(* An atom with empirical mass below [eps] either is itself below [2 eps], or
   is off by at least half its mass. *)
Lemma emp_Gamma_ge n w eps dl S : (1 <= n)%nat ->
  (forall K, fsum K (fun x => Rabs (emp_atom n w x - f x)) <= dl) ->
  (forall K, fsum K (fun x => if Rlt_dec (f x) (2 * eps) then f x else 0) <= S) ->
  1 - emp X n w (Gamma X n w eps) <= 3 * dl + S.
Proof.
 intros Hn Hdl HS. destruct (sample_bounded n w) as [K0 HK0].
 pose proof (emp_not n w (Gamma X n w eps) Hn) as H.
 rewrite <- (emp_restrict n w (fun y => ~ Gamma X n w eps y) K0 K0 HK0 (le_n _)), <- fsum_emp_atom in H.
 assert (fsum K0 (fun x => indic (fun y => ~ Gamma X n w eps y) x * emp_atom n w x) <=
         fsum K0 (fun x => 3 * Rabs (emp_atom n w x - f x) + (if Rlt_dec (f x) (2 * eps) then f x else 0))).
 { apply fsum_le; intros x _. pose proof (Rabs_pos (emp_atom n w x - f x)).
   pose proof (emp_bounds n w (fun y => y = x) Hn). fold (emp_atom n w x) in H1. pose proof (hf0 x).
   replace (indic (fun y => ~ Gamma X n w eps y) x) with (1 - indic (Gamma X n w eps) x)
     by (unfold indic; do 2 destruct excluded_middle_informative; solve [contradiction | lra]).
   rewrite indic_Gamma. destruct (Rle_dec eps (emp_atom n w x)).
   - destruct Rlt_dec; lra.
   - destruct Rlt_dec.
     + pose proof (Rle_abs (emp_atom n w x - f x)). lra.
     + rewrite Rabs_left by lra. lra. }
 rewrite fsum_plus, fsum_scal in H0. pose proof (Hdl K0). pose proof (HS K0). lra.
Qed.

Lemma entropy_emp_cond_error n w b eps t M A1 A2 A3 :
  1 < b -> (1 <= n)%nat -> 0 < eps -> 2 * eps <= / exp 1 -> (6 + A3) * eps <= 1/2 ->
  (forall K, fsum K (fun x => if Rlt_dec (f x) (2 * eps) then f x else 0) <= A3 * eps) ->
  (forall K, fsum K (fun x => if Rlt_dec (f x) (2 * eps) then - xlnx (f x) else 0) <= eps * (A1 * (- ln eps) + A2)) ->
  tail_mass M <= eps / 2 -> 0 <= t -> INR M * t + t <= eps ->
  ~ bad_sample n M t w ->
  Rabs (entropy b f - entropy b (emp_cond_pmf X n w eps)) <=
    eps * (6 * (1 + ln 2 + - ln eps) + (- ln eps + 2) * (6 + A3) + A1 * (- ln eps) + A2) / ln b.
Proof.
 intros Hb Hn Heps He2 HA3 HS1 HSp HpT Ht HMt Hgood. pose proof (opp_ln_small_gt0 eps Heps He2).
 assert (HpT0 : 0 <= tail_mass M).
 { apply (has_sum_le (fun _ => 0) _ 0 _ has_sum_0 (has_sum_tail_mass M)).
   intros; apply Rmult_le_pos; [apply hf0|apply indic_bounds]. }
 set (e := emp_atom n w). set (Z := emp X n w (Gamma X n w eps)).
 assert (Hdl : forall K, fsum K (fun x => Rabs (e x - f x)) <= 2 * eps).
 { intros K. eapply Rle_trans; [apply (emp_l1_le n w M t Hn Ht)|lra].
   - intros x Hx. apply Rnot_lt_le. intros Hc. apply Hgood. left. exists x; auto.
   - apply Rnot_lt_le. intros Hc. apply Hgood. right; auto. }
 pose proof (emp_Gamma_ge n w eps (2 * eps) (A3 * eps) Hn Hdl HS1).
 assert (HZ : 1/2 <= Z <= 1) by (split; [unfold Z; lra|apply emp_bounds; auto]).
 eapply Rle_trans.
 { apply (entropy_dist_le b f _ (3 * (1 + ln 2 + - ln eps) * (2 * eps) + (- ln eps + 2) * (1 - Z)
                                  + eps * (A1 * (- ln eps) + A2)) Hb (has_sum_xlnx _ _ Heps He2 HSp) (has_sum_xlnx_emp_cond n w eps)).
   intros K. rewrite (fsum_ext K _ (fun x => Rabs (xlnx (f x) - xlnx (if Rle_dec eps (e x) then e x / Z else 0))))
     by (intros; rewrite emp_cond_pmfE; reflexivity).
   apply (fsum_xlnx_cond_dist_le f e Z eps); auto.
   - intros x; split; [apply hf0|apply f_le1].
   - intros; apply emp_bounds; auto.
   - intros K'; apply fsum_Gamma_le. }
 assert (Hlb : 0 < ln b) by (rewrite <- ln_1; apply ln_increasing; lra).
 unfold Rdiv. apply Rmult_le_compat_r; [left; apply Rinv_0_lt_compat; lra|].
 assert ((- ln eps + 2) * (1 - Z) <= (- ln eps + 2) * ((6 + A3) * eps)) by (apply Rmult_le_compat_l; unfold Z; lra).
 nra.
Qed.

· · · · · · ·

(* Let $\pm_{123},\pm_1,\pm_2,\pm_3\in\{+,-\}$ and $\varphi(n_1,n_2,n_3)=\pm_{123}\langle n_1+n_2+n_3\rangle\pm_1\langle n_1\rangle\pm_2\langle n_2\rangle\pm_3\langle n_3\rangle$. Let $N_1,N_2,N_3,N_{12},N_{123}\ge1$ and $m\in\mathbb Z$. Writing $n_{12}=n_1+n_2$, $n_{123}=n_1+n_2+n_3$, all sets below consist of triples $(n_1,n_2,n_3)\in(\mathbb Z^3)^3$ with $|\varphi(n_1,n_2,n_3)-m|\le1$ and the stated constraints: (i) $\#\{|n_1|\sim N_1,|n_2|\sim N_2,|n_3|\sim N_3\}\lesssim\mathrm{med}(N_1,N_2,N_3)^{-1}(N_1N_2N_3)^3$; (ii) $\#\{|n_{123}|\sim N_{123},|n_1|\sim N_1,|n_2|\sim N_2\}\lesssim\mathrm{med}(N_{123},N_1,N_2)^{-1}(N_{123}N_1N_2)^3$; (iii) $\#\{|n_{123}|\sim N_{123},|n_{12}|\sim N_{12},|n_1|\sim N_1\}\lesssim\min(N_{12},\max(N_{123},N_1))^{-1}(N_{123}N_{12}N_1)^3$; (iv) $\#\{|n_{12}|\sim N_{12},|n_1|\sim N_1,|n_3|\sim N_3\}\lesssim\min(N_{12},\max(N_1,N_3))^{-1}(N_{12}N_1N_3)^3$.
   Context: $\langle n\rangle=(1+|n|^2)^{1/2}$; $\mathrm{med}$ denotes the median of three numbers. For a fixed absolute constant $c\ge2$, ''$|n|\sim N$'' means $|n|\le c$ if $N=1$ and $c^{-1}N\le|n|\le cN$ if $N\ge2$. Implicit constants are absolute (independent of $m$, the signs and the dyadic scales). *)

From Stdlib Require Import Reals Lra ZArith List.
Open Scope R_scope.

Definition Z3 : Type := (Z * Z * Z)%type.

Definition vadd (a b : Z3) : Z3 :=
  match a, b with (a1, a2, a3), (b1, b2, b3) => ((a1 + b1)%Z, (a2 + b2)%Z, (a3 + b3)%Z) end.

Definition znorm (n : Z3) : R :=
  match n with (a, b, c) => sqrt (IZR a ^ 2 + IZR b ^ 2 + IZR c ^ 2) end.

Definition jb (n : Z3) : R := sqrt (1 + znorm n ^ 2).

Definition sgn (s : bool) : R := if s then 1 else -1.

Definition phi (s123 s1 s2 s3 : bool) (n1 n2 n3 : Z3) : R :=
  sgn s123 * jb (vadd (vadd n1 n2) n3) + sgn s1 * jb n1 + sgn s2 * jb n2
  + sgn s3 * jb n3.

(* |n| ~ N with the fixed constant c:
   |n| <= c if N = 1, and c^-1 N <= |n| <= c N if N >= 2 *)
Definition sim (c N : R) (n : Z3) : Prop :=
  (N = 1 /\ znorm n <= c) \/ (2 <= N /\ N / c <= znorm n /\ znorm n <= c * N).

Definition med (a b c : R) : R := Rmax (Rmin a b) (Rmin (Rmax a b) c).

· · · · · · ·

# [REQUIREMENT]
What is asked for is an exact copy of the lines above from the one containing "pose proof (emp_bounds" through the one containing "replace (indic (fun", and only those.

# [TASK SOLUTION]
   pose proof (emp_bounds n w (fun y => y = x) Hn). fold (emp_atom n w x) in H1. pose proof (hf0 x).
   replace (indic (fun y => ~ Gamma X n w eps y) x) with (1 - indic (Gamma X n w eps) x)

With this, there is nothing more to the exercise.